- [What this task involves] Scan the entries below for the word "Xopt" and copy every line in which it occurs.

- [Given entries]

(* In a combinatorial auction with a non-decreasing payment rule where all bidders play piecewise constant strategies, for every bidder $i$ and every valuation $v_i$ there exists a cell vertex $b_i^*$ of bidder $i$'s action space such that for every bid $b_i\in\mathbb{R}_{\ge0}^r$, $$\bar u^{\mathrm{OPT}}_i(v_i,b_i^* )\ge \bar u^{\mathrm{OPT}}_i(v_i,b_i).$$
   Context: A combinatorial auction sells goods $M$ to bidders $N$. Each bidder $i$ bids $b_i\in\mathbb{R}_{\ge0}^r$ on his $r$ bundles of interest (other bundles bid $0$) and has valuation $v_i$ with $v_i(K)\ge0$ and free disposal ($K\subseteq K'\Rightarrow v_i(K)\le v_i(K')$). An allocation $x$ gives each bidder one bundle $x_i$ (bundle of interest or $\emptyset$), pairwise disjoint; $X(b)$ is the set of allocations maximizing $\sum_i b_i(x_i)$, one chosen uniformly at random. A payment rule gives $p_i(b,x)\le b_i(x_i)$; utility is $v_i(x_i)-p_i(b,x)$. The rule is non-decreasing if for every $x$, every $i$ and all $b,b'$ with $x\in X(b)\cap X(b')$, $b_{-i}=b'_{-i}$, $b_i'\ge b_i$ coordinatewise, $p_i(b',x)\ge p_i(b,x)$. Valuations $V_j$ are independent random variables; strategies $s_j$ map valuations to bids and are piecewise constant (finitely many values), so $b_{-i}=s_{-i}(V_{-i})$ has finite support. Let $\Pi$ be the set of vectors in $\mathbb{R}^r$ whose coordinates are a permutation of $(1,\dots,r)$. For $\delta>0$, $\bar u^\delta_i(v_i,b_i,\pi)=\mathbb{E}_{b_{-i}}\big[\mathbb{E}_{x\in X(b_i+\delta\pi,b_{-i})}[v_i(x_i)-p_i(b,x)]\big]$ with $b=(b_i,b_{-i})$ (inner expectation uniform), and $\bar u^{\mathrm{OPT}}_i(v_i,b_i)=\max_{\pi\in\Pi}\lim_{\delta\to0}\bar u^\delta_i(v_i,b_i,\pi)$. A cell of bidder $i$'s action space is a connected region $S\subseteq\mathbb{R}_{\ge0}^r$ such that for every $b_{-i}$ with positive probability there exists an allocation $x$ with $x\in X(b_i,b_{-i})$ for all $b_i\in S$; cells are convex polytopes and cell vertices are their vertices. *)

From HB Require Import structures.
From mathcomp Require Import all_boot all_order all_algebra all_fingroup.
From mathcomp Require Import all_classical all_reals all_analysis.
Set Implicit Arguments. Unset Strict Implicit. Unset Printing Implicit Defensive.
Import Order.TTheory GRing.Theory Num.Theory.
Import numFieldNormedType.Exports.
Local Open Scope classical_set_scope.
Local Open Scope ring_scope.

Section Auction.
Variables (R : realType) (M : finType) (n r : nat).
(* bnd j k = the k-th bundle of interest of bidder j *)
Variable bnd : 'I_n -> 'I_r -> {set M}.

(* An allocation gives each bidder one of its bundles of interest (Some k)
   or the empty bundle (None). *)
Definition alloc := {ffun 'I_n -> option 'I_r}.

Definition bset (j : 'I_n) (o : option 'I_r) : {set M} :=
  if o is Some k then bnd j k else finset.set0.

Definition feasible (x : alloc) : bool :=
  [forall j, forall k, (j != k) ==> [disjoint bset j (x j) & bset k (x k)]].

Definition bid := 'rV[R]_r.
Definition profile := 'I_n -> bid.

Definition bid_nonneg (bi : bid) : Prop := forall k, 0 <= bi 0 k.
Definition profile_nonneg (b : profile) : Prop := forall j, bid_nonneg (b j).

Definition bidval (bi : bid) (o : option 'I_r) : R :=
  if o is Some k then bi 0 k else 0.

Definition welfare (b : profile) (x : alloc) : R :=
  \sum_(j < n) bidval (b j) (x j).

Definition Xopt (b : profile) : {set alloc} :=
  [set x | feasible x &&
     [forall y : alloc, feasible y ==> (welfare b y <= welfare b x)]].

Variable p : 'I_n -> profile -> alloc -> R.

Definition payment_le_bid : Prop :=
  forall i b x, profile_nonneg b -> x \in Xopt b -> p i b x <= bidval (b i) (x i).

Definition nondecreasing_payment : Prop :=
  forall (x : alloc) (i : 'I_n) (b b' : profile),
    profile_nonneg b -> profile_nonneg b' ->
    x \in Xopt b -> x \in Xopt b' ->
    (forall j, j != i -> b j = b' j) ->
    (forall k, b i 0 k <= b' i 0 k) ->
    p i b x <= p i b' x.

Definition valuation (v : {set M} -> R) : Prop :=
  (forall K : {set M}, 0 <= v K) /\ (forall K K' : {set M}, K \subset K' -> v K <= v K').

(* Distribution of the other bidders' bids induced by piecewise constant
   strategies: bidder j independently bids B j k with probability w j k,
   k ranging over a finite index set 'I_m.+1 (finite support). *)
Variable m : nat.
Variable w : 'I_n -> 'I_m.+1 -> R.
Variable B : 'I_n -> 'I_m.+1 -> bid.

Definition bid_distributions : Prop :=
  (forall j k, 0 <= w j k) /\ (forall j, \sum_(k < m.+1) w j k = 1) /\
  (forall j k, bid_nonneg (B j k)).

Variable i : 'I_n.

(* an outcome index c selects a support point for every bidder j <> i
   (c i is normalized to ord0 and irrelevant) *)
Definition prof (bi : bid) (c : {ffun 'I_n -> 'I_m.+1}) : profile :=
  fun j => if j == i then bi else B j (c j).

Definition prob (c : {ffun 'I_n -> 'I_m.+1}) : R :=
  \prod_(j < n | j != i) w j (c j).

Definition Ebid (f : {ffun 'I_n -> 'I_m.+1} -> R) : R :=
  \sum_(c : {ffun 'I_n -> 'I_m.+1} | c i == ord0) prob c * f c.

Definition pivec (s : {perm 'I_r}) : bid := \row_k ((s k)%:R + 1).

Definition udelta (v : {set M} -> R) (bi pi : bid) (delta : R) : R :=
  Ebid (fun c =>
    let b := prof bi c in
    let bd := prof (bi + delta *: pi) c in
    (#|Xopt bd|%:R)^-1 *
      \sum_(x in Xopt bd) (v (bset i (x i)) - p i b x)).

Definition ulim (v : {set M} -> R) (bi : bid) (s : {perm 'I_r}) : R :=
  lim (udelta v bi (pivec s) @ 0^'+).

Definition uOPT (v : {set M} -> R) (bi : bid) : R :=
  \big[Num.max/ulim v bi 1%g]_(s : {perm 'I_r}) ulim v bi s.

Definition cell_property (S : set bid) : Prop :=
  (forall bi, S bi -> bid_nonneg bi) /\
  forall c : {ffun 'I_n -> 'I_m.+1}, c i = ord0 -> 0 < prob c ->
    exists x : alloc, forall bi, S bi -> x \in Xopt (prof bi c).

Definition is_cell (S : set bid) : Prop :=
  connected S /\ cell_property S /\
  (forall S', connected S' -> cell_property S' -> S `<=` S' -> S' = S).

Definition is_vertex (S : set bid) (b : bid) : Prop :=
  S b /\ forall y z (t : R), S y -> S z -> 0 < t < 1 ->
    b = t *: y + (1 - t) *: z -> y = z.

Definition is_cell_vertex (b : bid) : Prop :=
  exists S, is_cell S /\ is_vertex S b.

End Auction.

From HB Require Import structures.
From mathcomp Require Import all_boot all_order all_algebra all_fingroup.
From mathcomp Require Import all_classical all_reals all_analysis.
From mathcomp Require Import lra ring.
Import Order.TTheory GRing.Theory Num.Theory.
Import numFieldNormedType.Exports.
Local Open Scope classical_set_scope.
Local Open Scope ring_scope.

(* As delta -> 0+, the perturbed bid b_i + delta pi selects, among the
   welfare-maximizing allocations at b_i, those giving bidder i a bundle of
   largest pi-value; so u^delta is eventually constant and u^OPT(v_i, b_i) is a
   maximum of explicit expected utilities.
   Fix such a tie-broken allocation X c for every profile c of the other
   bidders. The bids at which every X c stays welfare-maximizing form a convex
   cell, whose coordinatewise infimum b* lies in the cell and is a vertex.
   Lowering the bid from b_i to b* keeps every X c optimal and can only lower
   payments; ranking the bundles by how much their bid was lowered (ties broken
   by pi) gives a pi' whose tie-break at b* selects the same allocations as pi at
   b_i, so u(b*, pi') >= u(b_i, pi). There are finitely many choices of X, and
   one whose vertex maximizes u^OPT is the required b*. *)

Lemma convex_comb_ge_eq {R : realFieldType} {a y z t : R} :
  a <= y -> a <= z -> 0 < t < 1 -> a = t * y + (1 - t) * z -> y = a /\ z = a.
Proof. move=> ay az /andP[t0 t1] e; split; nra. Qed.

- [Task answer]
Definition Xopt (b : profile) : {set alloc} :=
  forall i b x, profile_nonneg b -> x \in Xopt b -> p i b x <= bidval (b i) (x i).
    x \in Xopt b -> x \in Xopt b' ->
    (#|Xopt bd|%:R)^-1 *
      \sum_(x in Xopt bd) (v (bset i (x i)) - p i b x)).
    exists x : alloc, forall bi, S bi -> x \in Xopt (prof bi c).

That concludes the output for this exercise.